* [ABOUT THIS EXERCISE] Take the lines below beginning at the line that has "Lemma deriv_quotient_sub (R" and stopping after the line that has "(wa * d ^+ 2 - wb", and print them exactly as they are, with no other lines.

* [DATA]
(* Let $p$ be a prime, $\mathbb F=\mathbb F_{p^2}$, $\beta\in\mathbb F$ with $\beta^p-\beta=1$, and in the rational function field $\mathbb F(y)$ put $x=y^p-y$ and $$\delta(y)=\prod_{a=1}^{p-1}\Big(\frac{\beta-(y+a)}{y+a}\Big)^{a}.$$ Then (i) in $\Omega^1_{\mathbb F(y)/\mathbb F}$, $$y^p\frac{dx}{x}-(\beta-y)^p\frac{dx}{1-x}=\frac{d\delta(y)}{\delta(y)};$$ (ii) $\dfrac{\delta(y+1)}{\delta(y)}\equiv\dfrac{x}{1-x}\mod \mathbb F(y)^{\times p}$. *)

From HB Require Import structures.
From mathcomp Require Import all_boot all_order all_algebra.
From mathcomp Require Import fraction generic_quotient.
Set Implicit Arguments. Unset Strict Implicit. Unset Printing Implicit Defensive.
Import Order.TTheory GRing.Theory Num.Theory.
Local Open Scope ring_scope.
Notation tofracp F := (@FracField.tofrac {poly F}).

Definition ratfun (F : fieldType) := {fraction {poly F}}.

Definition ry (F : fieldType) : ratfun F := tofracp F 'X.
Definition rc (F : fieldType) (c : F) : ratfun F := tofracp F c%:P.

(* Universal derivation d : F(y) -> Omega^1_{F(y)/F}.
   Omega^1_{F(y)/F} is the free F(y)-module of rank one on dy; we represent a
   differential  g dy  by its coefficient g : F(y).  Then  d f = (df/dy) dy,
   where df/dy is the formal derivative of the rational function f computed
   from any representative n/d by the quotient rule. *)
Definition dfrac (F : fieldType) (f : ratfun F) : ratfun F :=
  let r := repr f in
  let n := \n_r in let d := \d_r in
  tofracp F (n^`() * d - n * d^`()) / tofracp F (d ^+ 2).

Definition delta (F : fieldType) (p : nat) (beta : F) (t : ratfun F) : ratfun F :=
  \prod_(1 <= a < p) ((rc beta - (t + a%:R)) / (t + a%:R)) ^+ a.

From HB Require Import structures.
From mathcomp Require Import all_boot all_order all_algebra.
From mathcomp Require Import fraction generic_quotient.
From mathcomp Require Import finfield.
From mathcomp Require Import ring.
Set Implicit Arguments. Unset Strict Implicit. Unset Printing Implicit Defensive.
Import Order.TTheory GRing.Theory Num.Theory.
Local Open Scope ring_scope.
Local Open Scope quotient_scope.
Local Notation "x %:F" := (@FracField.tofrac _ x).

(* Write u_a = y + a and v_a = beta - (y + a), so that delta(y) = prod_a (v_a/u_a)^a
   with a running over F_p (the factor a = 0 is trivial).  In characteristic p,
   prod_(a in F_p) (t + a) = t^p - t; hence prod_a u_a = x and, since
   beta^p = beta + 1, prod_a v_a = 1 - x.  The differential d acts on F(y) as a
   derivation with dy = 1 and d beta = 0, so logarithmic differentiation of these
   products gives sum_a 1/u_a = -1/x and sum_a 1/v_a = -1/(1-x).
   (i) Writing a = u_a - y = (beta - y) - v_a turns
   dlog delta = sum_a a (dv_a/v_a - du_a/u_a) into y sum_a 1/u_a - (beta - y) sum_a 1/v_a,
   and y^p = x + y, (beta - y)^p = 1 - x + (beta - y) give the left-hand side.
   (ii) Replacing y by y + 1 shifts the index a by one, so with h_a = v_a/u_a
   (periodic of period p) the quotient delta(y+1)/delta(y) telescopes to
   h_0^p / prod_a h_a = h_0^p x/(1-x). *)

Lemma tofrac_numden (R : idomainType) (f : {fraction R}) :
  f * (\d_(repr f))%:F = (\n_(repr f))%:F.
Proof.
set r := repr f; have -> : f = \pi r by rewrite /r reprK.
unlock FracField.tofrac.
rewrite !piE /FracField.mulf /=; apply/eqmodP => /=.
rewrite FracField.equivfE /= !numden_Ratio ?mulf_neq0 ?oner_neq0 ?denom_ratioP //.
by rewrite !mulr1 mulrC.
Qed.

Lemma fracP (R : idomainType) (f : {fraction R}) :
  exists n d, d != 0 /\ f = n%:F / d%:F.
Proof.
exists (\n_(repr f)), (\d_(repr f)); split; first exact: denom_ratioP.
by rewrite -tofrac_numden mulfK // tofrac_eq0 denom_ratioP.
Qed.

Lemma deriv_quotient_scale (R : comRingType) (n d c : {poly R}) :
  (n * c)^`() * (d * c) - n * c * (d * c)^`() =
  c ^+ 2 * (n^`() * d - n * d^`()).
Proof. by rewrite !derivM; ring. Qed.

Lemma deriv_quotient_mul (R : comRingType) (n1 d1 n2 d2 : {poly R}) :
  (n1 * n2)^`() * (d1 * d2) - n1 * n2 * (d1 * d2)^`() =
  (n1^`() * d1 - n1 * d1^`()) * (n2 * d2) + n1 * d1 * (n2^`() * d2 - n2 * d2^`()).
Proof. by rewrite !derivM; ring. Qed.

Lemma quotient_rule_mul (K : fieldType) (a b c d wa wb : K) : b != 0 -> d != 0 ->
  (wa * (c * d) + a * b * wb) / (b * d) ^+ 2 =
  wa / b ^+ 2 * (c / d) + a / b * (wb / d ^+ 2).
Proof. by move=> b_neq0 d_neq0; field; rewrite b_neq0 d_neq0. Qed.

Lemma deriv_quotient_sub (R : comRingType) (n1 d1 n2 d2 : {poly R}) :
  (n1 * d2 - n2 * d1)^`() * (d1 * d2) - (n1 * d2 - n2 * d1) * (d1 * d2)^`() =
  (n1^`() * d1 - n1 * d1^`()) * d2 ^+ 2 - (n2^`() * d2 - n2 * d2^`()) * d1 ^+ 2.
Proof. by rewrite !(derivB, derivM); ring. Qed.

Lemma quotient_rule_sub (K : fieldType) (b d wa wb : K) : b != 0 -> d != 0 ->
  (wa * d ^+ 2 - wb * b ^+ 2) / (b * d) ^+ 2 = wa / b ^+ 2 - wb / d ^+ 2.
Proof. by move=> b_neq0 d_neq0; field; rewrite b_neq0 d_neq0. Qed.

Section FracDerivative.
Variable F : fieldType.
Implicit Types (f g : ratfun F) (n d : {poly F}).

Lemma dfracE n d : d != 0 ->
  dfrac (n%:F / d%:F) = (n^`() * d - n * d^`())%:F / (d ^+ 2)%:F.
Proof.
move=> d_neq0; rewrite /dfrac; set f := n%:F / d%:F.
have := tofrac_numden f; have := denom_ratioP (repr f).
set n0 := \n_(repr f); set d0 := \d_(repr f) => d0_neq0 fd0.
have cross : n * d0 = n0 * d.
  apply/eqP; rewrite -tofrac_eq !rmorphM /= -fd0 /f mulrAC divfK //.
  by rewrite tofrac_eq0.
apply/eqP; rewrite eqr_div ?tofrac_eq0 ?expf_neq0 // -!rmorphM tofrac_eq.
by rewrite mulrC -deriv_quotient_scale -cross [d0 * d]mulrC deriv_quotient_scale mulrC.
Qed.

Lemma dfrac_tofrac n : dfrac n%:F = (n^`())%:F.
Proof.
rewrite -[n%:F]divr1 -tofrac1 dfracE ?oner_neq0 //.
by rewrite derivC mulr0 subr0 expr1n tofrac1 !divr1 mulr1.
Qed.

Lemma dfracM f g : dfrac (f * g) = dfrac f * g + f * dfrac g.
Proof.
have [n1 [d1 [d1_neq0 ->]]] := fracP f; have [n2 [d2 [d2_neq0 ->]]] := fracP g.
rewrite mulf_div -!rmorphM !dfracE ?mulf_neq0 // deriv_quotient_mul.
rewrite tofracD !(tofracXn, tofracM).
by apply: quotient_rule_mul; rewrite tofrac_eq0.
Qed.

Lemma dfracB : zmod_morphism (@dfrac F).
Proof.
move=> f g; have [n1 [d1 [d1_neq0 ->]]] := fracP f.
have [n2 [d2 [d2_neq0 ->]]] := fracP g.
have d1F : d1%:F != 0 by rewrite tofrac_eq0.
have d2F : d2%:F != 0 by rewrite tofrac_eq0.
rewrite -mulNr (addf_div _ _ d1F d2F) mulNr -!tofracM -tofracB.
rewrite !dfracE ?mulf_neq0 // deriv_quotient_sub.
rewrite tofracB !(tofracXn, tofracM).
exact: (@quotient_rule_sub {fraction {poly F}} _ _ _ _ d1F d2F).
Qed.

End FracDerivative.
Arguments dfracM {F}.

HB.instance Definition _ (F : fieldType) :=
  GRing.isZmodMorphism.Build (ratfun F) (ratfun F) (@dfrac F) (@dfracB F).

Section LogDerivative.
Variables (K : fieldType) (D : K -> K).
Hypothesis DM : forall f g, D (f * g) = D f * g + f * D g.

Definition logder (f : K) := D f / f.

Lemma derivation1 : D 1 = 0.
Proof. by apply: (addrI (D 1)); rewrite addr0 -[in RHS](mulr1 1) DM mulr1 mul1r. Qed.

Lemma logder1 : logder 1 = 0.
Proof. by rewrite /logder derivation1 mul0r. Qed.

Lemma logderM f g : f != 0 -> g != 0 -> logder (f * g) = logder f + logder g.
Proof. by move=> f_neq0 g_neq0; rewrite /logder DM; field; rewrite f_neq0 g_neq0. Qed.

* [RESULT FOR THIS TASK]
Lemma deriv_quotient_sub (R : comRingType) (n1 d1 n2 d2 : {poly R}) :
  (n1 * d2 - n2 * d1)^`() * (d1 * d2) - (n1 * d2 - n2 * d1) * (d1 * d2)^`() =
  (n1^`() * d1 - n1 * d1^`()) * d2 ^+ 2 - (n2^`() * d2 - n2 * d2^`()) * d1 ^+ 2.
Proof. by rewrite !(derivB, derivM); ring. Qed.

Lemma quotient_rule_sub (K : fieldType) (b d wa wb : K) : b != 0 -> d != 0 ->
  (wa * d ^+ 2 - wb * b ^+ 2) / (b * d) ^+ 2 = wa / b ^+ 2 - wb / d ^+ 2.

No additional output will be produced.